(* Let $B\in\mathbb{C}^{n\times n}$ be nonzero of rank $r$ with Hartwig–Spindelböck decomposition $B=U\begin{bmatrix}\Sigma K&\Sigma L\\0&0\end{bmatrix}U^*$, let $T\in\mathbb{C}^{r\times r}$ be idempotent, and let $A=U\begin{bmatrix}(\Sigma^{-1}T)^\dagger K&(\Sigma^{-1}T)^\dagger L\\0&0\end{bmatrix}U^*$, so that $A\le^{\diamond}B$. Then $A^\dagger\le^{\diamond}B^\dagger$ if and only if $T(T^*-I_r)\Sigma^{-2}T=0$.
   Context: $M^*$ is the conjugate transpose, $M^\dagger$ the Moore–Penrose inverse, $\mathcal{R}(M)$ the column space. Hartwig–Spindelböck decomposition: every $B\in\mathbb{C}^{n\times n}$ of rank $r>0$ can be written $B=U\begin{bmatrix}\Sigma K&\Sigma L\\0&0\end{bmatrix}U^*$ with $U$ unitary, $\Sigma\in\mathbb{C}^{r\times r}$ the positive diagonal matrix of nonzero singular values of $B$, $K\in\mathbb{C}^{r\times r}$, $L\in\mathbb{C}^{r\times(n-r)}$ with $KK^*+LL^*=I_r$. Diamond order: $X\le^{\diamond}Y$ iff $\mathcal{R}(X)\subseteq\mathcal{R}(Y)$, $\mathcal{R}(X^* )\subseteq\mathcal{R}(Y^* )$, and $XY^*X=XX^*X$. *)

From Stdlib Require Import ClassicalEpsilon.
From mathcomp Require Import all_boot all_order all_algebra.
Set Implicit Arguments. Unset Strict Implicit. Unset Printing Implicit Defensive.
Import Order.TTheory GRing.Theory Num.Theory.
Local Open Scope ring_scope.

Definition ctmx (C : numClosedFieldType) (m n : nat) (M : 'M[C]_(m, n)) : 'M[C]_(n, m) :=
  map_mx Num.conj M^T.

Definition penrose (C : numClosedFieldType) (m n : nat)
  (M : 'M[C]_(m, n)) (X : 'M[C]_(n, m)) : Prop :=
  [/\ M *m X *m M = M, X *m M *m X = X,
      ctmx (M *m X) = M *m X & ctmx (X *m M) = X *m M].

(* Moore-Penrose inverse M^dagger: the (unique, always existing) solution of
   the Penrose equations, chosen by Hilbert's epsilon. *)
Definition mpinv (C : numClosedFieldType) (m n : nat) (M : 'M[C]_(m, n)) : 'M[C]_(n, m) :=
  epsilon (inhabits 0) (penrose M).

(* Column space inclusion R(X) ⊆ R(Y): column space of X = row space of X^T. *)
Definition colsub (C : numClosedFieldType) (m n p : nat)
  (X : 'M[C]_(m, n)) (Y : 'M[C]_(m, p)) : bool := (X^T <= Y^T)%MS.

Definition diamond_le (C : numClosedFieldType) (m n : nat) (X Y : 'M[C]_(m, n)) : Prop :=
  [/\ colsub X Y, colsub (ctmx X) (ctmx Y) & X *m ctmx Y *m X = X *m ctmx X *m X].

(* Write B = W Sigma V and A = W (Sigma^-1 T)^dagger V, where W = U [I; 0] satisfies
   W^* W = I and V = [K L] U^* satisfies V V^* = I.  Both the Moore-Penrose inverse
   and the diamond order are transported by such a conjugation, so the claim reduces
   to the r x r statement  Sigma^-1 T <=^diamond Sigma^-1.  As Sigma^-1 is invertible
   the two range conditions hold automatically, and since it is hermitian the third
   condition, after cancelling Sigma^-1 on the left, is exactly
   T Sigma^-2 T = T T^* Sigma^-2 T. *)

From Pilot Require Import Defs.
From Stdlib Require Import ClassicalEpsilon.
From mathcomp Require Import all_boot all_order all_algebra.
Import Order.TTheory GRing.Theory Num.Theory.
Local Open Scope ring_scope.
Set Implicit Arguments. Unset Strict Implicit. Unset Printing Implicit Defensive.

Section ConjugateTranspose.
Context {C : numClosedFieldType}.

Lemma ctmxM m n p (A : 'M[C]_(m, n)) (B : 'M[C]_(n, p)) :
  ctmx (A *m B) = ctmx B *m ctmx A.
Proof. by rewrite /ctmx trmx_mul map_mxM. Qed.

Lemma ctmxK m n (A : 'M[C]_(m, n)) : ctmx (ctmx A) = A.
Proof. by apply/matrixP=> i j; rewrite /ctmx !mxE conjCK. Qed.

Lemma ctmx0 m n : ctmx (0 : 'M[C]_(m, n)) = 0.
Proof. by apply/matrixP=> i j; rewrite /ctmx !mxE rmorph0. Qed.

Lemma ctmx1 n : ctmx (1%:M : 'M[C]_n) = 1%:M.
Proof.
by apply/matrixP=> i j; rewrite /ctmx !mxE eq_sym; case: eqP; rewrite ?rmorph1 ?rmorph0.
Qed.

Lemma ctmxV n (A : 'M[C]_n) : ctmx (invmx A) = invmx (ctmx A).
Proof. by rewrite /ctmx trmx_inv map_invmx. Qed.

Lemma ctmx_col m1 m2 n (A : 'M[C]_(m1, n)) (B : 'M[C]_(m2, n)) :
  ctmx (col_mx A B) = row_mx (ctmx A) (ctmx B).
Proof. by rewrite /ctmx tr_col_mx map_row_mx. Qed.

Lemma ctmx_row m n1 n2 (A : 'M[C]_(m, n1)) (B : 'M[C]_(m, n2)) :
  ctmx (row_mx A B) = col_mx (ctmx A) (ctmx B).
Proof. by rewrite /ctmx tr_row_mx map_col_mx. Qed.

Lemma ctmx_diag_real n (d : 'rV[C]_n) :
  (forall i, d 0 i \is Num.real) -> ctmx (diag_mx d) = diag_mx d.
Proof.
move=> d_real; rewrite /ctmx tr_diag_mx map_diag_mx; congr diag_mx.
by apply/matrixP=> i j; rewrite mxE (ord1 i); exact: conj_Creal.
Qed.

Lemma mxrank_ctmx m n (A : 'M[C]_(m, n)) : \rank (ctmx A) = \rank A.
Proof. by rewrite /ctmx mxrank_map mxrank_tr. Qed.

Lemma mulmx_ctmx_eq0 m n (A : 'M[C]_(m, n)) : A *m ctmx A = 0 -> A = 0.
Proof.
move=> AA0; apply/matrixP=> i j; rewrite mxE.
have := congr1 (fun M : 'M[C]_(m, m) => M i i) AA0; rewrite !mxE => /eqP.
rewrite psumr_eq0; last by move=> k _; rewrite /ctmx !mxE mul_conjC_ge0.
move/allP/(_ j (mem_index_enum _))/implyP/(_ isT).
by rewrite /ctmx !mxE mul_conjC_eq0 => /eqP.
Qed.

Lemma row_free_gram_unit k m (H : 'M[C]_(k, m)) :
  row_free H -> H *m ctmx H \in unitmx.
Proof.
move=> freeH; rewrite -row_free_unit -kermx_eq0.
set X := kermx _.
have XHH0 : X *m (H *m ctmx H) = 0 by exact: mulmx_ker.
have : (X *m H) *m ctmx (X *m H) = 0.
  by rewrite ctmxM mulmxA -(mulmxA X) XHH0 mul0mx.
by move/mulmx_ctmx_eq0/eqP; rewrite mulmx_free_eq0.
Qed.

End ConjugateTranspose.

Section MoorePenrose.
Context {C : numClosedFieldType}.

Lemma penrose_full_rank_factor m n k (F : 'M[C]_(m, k)) (G : 'M[C]_(k, n)) :
  G *m ctmx G \in unitmx -> ctmx F *m F \in unitmx ->
  penrose (F *m G) (ctmx G *m invmx (G *m ctmx G) *m invmx (ctmx F *m F) *m ctmx F).
Proof.
move=> uG uF.
have MX : F *m G *m (ctmx G *m invmx (G *m ctmx G) *m invmx (ctmx F *m F) *m ctmx F)
   = F *m invmx (ctmx F *m F) *m ctmx F.
  by rewrite -!mulmxA (mulmxA G) mulKVmx.
have XM : (ctmx G *m invmx (G *m ctmx G) *m invmx (ctmx F *m F) *m ctmx F) *m (F *m G)
   = ctmx G *m invmx (G *m ctmx G) *m G.
  by rewrite !mulmxA -(mulmxA (_ *m invmx (ctmx F *m F)) (ctmx F) F) mulmxKV.
split.
- by rewrite MX mulmxA -(mulmxA (F *m invmx (ctmx F *m F))) mulmxKV.
- by rewrite XM !mulmxA -(mulmxA (ctmx G *m invmx (G *m ctmx G)) G (ctmx G)) mulmxKV.
- by rewrite MX !ctmxM ctmxK ctmxV ctmxM ctmxK mulmxA.
- by rewrite XM !ctmxM ctmxK ctmxV ctmxM ctmxK mulmxA.
Qed.

Lemma penrose_exists m n (M : 'M[C]_(m, n)) : exists X, penrose M X.
Proof.
have uG : row_base M *m ctmx (row_base M) \in unitmx.
  exact/row_free_gram_unit/row_base_free.
have uF : ctmx (col_base M) *m col_base M \in unitmx.
  rewrite -{2}(ctmxK (col_base M)); apply: row_free_gram_unit.
  by rewrite /row_free mxrank_ctmx; apply: col_base_full.
by have := penrose_full_rank_factor uG uF; rewrite mulmx_base => pen; eexists; exact: pen.
Qed.

Lemma penrose_unique m n (M : 'M[C]_(m, n)) X Y :
  penrose M X -> penrose M Y -> X = Y.
Proof.
case=> MXM XMX MXh XMh [MYM YMY MYh YMh].
have eX : X = X *m ctmx X *m ctmx M by rewrite -mulmxA -ctmxM MXh mulmxA XMX.
have eMY : ctmx M = ctmx M *m (ctmx Y *m ctmx M) by rewrite -!ctmxM MYM.
have XMY_X : X = X *m M *m Y.
  have -> : X *m M *m Y = X *m ctmx (M *m X) *m ctmx (M *m Y).
    by rewrite MXh MYh !mulmxA XMX.
  by rewrite !ctmxM -!mulmxA -eMY mulmxA -eX.
have eY : Y = ctmx M *m ctmx Y *m Y by rewrite -ctmxM YMh YMY.
have eMX : ctmx M = ctmx M *m ctmx X *m ctmx M by rewrite -!ctmxM mulmxA MXM.
have XMY_Y : Y = X *m M *m Y.
  have -> : X *m M *m Y = ctmx (X *m M) *m ctmx (Y *m M) *m Y.
    by rewrite XMh YMh -(mulmxA (X *m M)) YMY.
  by rewrite !ctmxM !mulmxA -eMX -eY.
by rewrite XMY_X -XMY_Y.
Qed.

Lemma mpinvP m n (M : 'M[C]_(m, n)) : penrose M (mpinv M).
Proof. exact: epsilon_spec (penrose_exists M). Qed.

Lemma mpinvE m n (M : 'M[C]_(m, n)) X : penrose M X -> mpinv M = X.
Proof. exact: (penrose_unique (mpinvP M)). Qed.

Lemma penrose_sym m n (M : 'M[C]_(m, n)) X : penrose M X -> penrose X M.
Proof. by case; split. Qed.

Lemma mpinvK m n (M : 'M[C]_(m, n)) : mpinv (mpinv M) = M.
Proof. exact/mpinvE/penrose_sym/mpinvP. Qed.

Lemma mpinv_unit n (M : 'M[C]_n) : M \in unitmx -> mpinv M = invmx M.
Proof.
move=> uM; apply: mpinvE.
by split; rewrite ?mulmxV ?mulVmx ?mul1mx ?ctmx1.
Qed.

Lemma penrose_conj p q k (W : 'M[C]_(p, k)) (V : 'M[C]_(k, q)) (Q R : 'M[C]_k) :
  ctmx W *m W = 1%:M -> V *m ctmx V = 1%:M -> penrose Q R ->
  penrose (W *m Q *m V) (ctmx V *m R *m ctmx W).
Proof.
move=> WW VV [QRQ RQR QRh RQh].
have MX : W *m Q *m V *m (ctmx V *m R *m ctmx W) = W *m (Q *m R) *m ctmx W.
  by rewrite -!mulmxA (mulmxA V) VV mul1mx !mulmxA.
have XM : ctmx V *m R *m ctmx W *m (W *m Q *m V) = ctmx V *m (R *m Q) *m V.
  by rewrite -!mulmxA (mulmxA (ctmx W)) WW mul1mx !mulmxA.
split.
- by rewrite -[in RHS]QRQ -!mulmxA (mulmxA V) VV mul1mx (mulmxA (ctmx W)) WW mul1mx.
- by rewrite -[in RHS]RQR -!mulmxA (mulmxA (ctmx W)) WW mul1mx (mulmxA V) VV mul1mx.
- by rewrite MX ctmxM ctmxK ctmxM QRh mulmxA.
- by rewrite XM ctmxM ctmxM RQh ctmxK mulmxA.
Qed.

Lemma mpinv_conj p q k (W : 'M[C]_(p, k)) (V : 'M[C]_(k, q)) (Q : 'M[C]_k) :
  ctmx W *m W = 1%:M -> V *m ctmx V = 1%:M ->
  mpinv (W *m Q *m V) = ctmx V *m mpinv Q *m ctmx W.
Proof. by move=> WW VV; apply/mpinvE/penrose_conj/mpinvP. Qed.

End MoorePenrose.

Section DiamondOrder.
Context {C : numClosedFieldType}.

Lemma colsub_mul2r m n1 n2 k1 k2 (X : 'M[C]_(m, n1)) (Y : 'M[C]_(m, n2))
    (Q1 : 'M[C]_(n1, k1)) (Q1' : 'M[C]_(k1, n1))
    (Q2 : 'M[C]_(n2, k2)) (Q2' : 'M[C]_(k2, n2)) :
  Q1 *m Q1' = 1%:M -> Q2 *m Q2' = 1%:M ->
  Defs.colsub (X *m Q1) (Y *m Q2) = Defs.colsub X Y.
Proof.
have fullT n k (Q : 'M[C]_(n, k)) Q' : Q *m Q' = 1%:M -> row_full Q^T.
  move=> QQ'; rewrite /row_full mxrank_tr eqn_leq rank_leq_row /=.
  by rewrite -[X in (X <= _)%N](mxrank1 C n) -QQ' mxrankM_maxl.
move=> /fullT fQ1 /fullT fQ2; rewrite /Defs.colsub !trmx_mul.
by rewrite (eqmxMfull _ fQ1) (eqmxMfull _ fQ2).
Qed.

Lemma colsub_mul2l m m' n1 n2 (P : 'M[C]_(m', m)) (P' : 'M[C]_(m, m'))
    (X : 'M[C]_(m, n1)) (Y : 'M[C]_(m, n2)) :
  P' *m P = 1%:M -> Defs.colsub (P *m X) (P *m Y) = Defs.colsub X Y.
Proof.
move=> P'P; rewrite /Defs.colsub !trmx_mul; apply/idP/idP => [|XY]; last exact: submxMr.
by move/(submxMr P'^T); rewrite -!mulmxA -trmx_mul P'P trmx1 !mulmx1.
Qed.

Lemma colsub_unit n m (X : 'M[C]_(n, m)) (Y : 'M[C]_n) : Y \in unitmx -> Defs.colsub X Y.
Proof. by move=> uY; rewrite /Defs.colsub submx_full // row_full_unit unitmx_tr. Qed.

Lemma diamond_le_conj p q k (W : 'M[C]_(p, k)) (V : 'M[C]_(k, q)) (X Y : 'M[C]_k) :
  ctmx W *m W = 1%:M -> V *m ctmx V = 1%:M ->
  diamond_le (ctmx V *m X *m ctmx W) (ctmx V *m Y *m ctmx W) <-> diamond_le X Y.
Proof.
move=> WW VV.
have conj_inj Z1 Z2 : ctmx V *m Z1 *m ctmx W = ctmx V *m Z2 *m ctmx W -> Z1 = Z2.
  move=> /(congr1 (fun M => V *m M *m W)).
  by rewrite /= !mulmxA VV !mul1mx -!mulmxA WW !mulmx1.
have triple Z1 Z2 : ctmx V *m Z1 *m ctmx W *m ctmx (ctmx V *m Z2 *m ctmx W)
                    *m (ctmx V *m Z1 *m ctmx W)
                  = ctmx V *m (Z1 *m ctmx Z2 *m Z1) *m ctmx W.
  by rewrite !ctmxM !ctmxK -!mulmxA (mulmxA (ctmx W)) WW mul1mx (mulmxA V) VV mul1mx.
have range : Defs.colsub (ctmx V *m X *m ctmx W) (ctmx V *m Y *m ctmx W)
              = Defs.colsub X Y.
  by rewrite (colsub_mul2r _ _ WW WW) (colsub_mul2l _ _ VV).
have corange : Defs.colsub (ctmx (ctmx V *m X *m ctmx W)) (ctmx (ctmx V *m Y *m ctmx W))
                = Defs.colsub (ctmx X) (ctmx Y).
  by rewrite !ctmxM !ctmxK (colsub_mul2l _ _ WW) (colsub_mul2r _ _ VV VV).
rewrite /diamond_le range corange !triple.
by split=> [[-> -> /conj_inj]|[-> -> ->]].
Qed.

Lemma diamond_le_hermitian_unit n (S T : 'M[C]_n) :
  S \in unitmx -> ctmx S = S ->
  diamond_le (S *m T) S <-> T *m (ctmx T - 1%:M) *m (S *m S) *m T = 0.
Proof.
move=> uS hermS.
have uSh : ctmx S \in unitmx by rewrite hermS.
have cancelS Z1 Z2 : S *m Z1 = S *m Z2 -> Z1 = Z2.
  by move/(congr1 (mulmx (invmx S))); rewrite !mulKmx.
rewrite /diamond_le !colsub_unit // ctmxM hermS mulmxBr mulmx1 !mulmxBl.
split=> [[_ _]|/subr0_eq TTST].
- by rewrite -!mulmxA => /cancelS ->; rewrite !mulmxA subrr.
- by split=> //; rewrite -!mulmxA; congr (S *m _); move: TTST; rewrite !mulmxA => ->.
Qed.

End DiamondOrder.

Lemma block_mx_col_row (C : numClosedFieldType) r s (Q K : 'M[C]_r) (L : 'M[C]_(r, s)) :
  block_mx (Q *m K) (Q *m L) 0 0 = col_mx 1%:M (0 : 'M_(s, r)) *m Q *m row_mx K L.
Proof.
by rewrite mul_col_mx mul1mx mul0mx mul_col_mx mul_mx_row mul0mx block_mxEv row_mx0.
Qed.

Theorem theorem5p5 (C : numClosedFieldType) (r s : nat)
  (B U : 'M[C]_(r + s)) (d : 'rV[C]_r) (K : 'M[C]_r) (L : 'M[C]_(r, s))
  (T : 'M[C]_r) :
  (0 < r)%N ->
  \rank B = r ->
  U *m ctmx U = 1%:M ->
  (forall i, 0 < d 0 i) ->
  K *m ctmx K + L *m ctmx L = 1%:M ->
  B = U *m block_mx (diag_mx d *m K) (diag_mx d *m L) 0 0 *m ctmx U ->
  T *m T = T ->
  let Sigma := diag_mx d in
  let P := mpinv (invmx Sigma *m T) in
  let A := U *m block_mx (P *m K) (P *m L) 0 0 *m ctmx U in
  diamond_le (mpinv A) (mpinv B) <->
  T *m (ctmx T - 1%:M) *m (invmx Sigma *m invmx Sigma) *m T = 0.
Proof.
move=> _ _ UU d_pos KKLL -> _ Sigma P A.
have UU' : ctmx U *m U = 1%:M by apply: mulmx1C.
set W := U *m col_mx 1%:M 0; set V := row_mx K L *m ctmx U.
have WW : ctmx W *m W = 1%:M.
  rewrite ctmxM -mulmxA (mulmxA (ctmx U)) UU' mul1mx.
  by rewrite ctmx_col ctmx1 ctmx0 mul_row_col mul1mx mul0mx addr0.
have VV : V *m ctmx V = 1%:M.
  by rewrite ctmxM ctmxK -mulmxA (mulmxA (ctmx U)) UU' mul1mx ctmx_row mul_row_col.
have uSigma : Sigma \in unitmx.
  by rewrite unitmxE det_diag unitfE; apply/prodf_neq0 => i _; exact: lt0r_neq0.
have hermS : ctmx (invmx Sigma) = invmx Sigma.
  by rewrite ctmxV ctmx_diag_real // => i; exact: gtr0_real.
have eA : A = W *m P *m V by rewrite /A /W /V block_mx_col_row !mulmxA.
have eB : U *m block_mx (Sigma *m K) (Sigma *m L) 0 0 *m ctmx U = W *m Sigma *m V.
  by rewrite /W /V block_mx_col_row !mulmxA.
rewrite eA -/Sigma eB !mpinv_conj // /P mpinvK mpinv_unit // diamond_le_conj //.
by apply: diamond_le_hermitian_unit; rewrite ?unitmx_inv.
Qed.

• **Task objective**:
Please state how many lines hold the string "begin" in the listing above, giving the figure alone.

• **Output of the task**:
2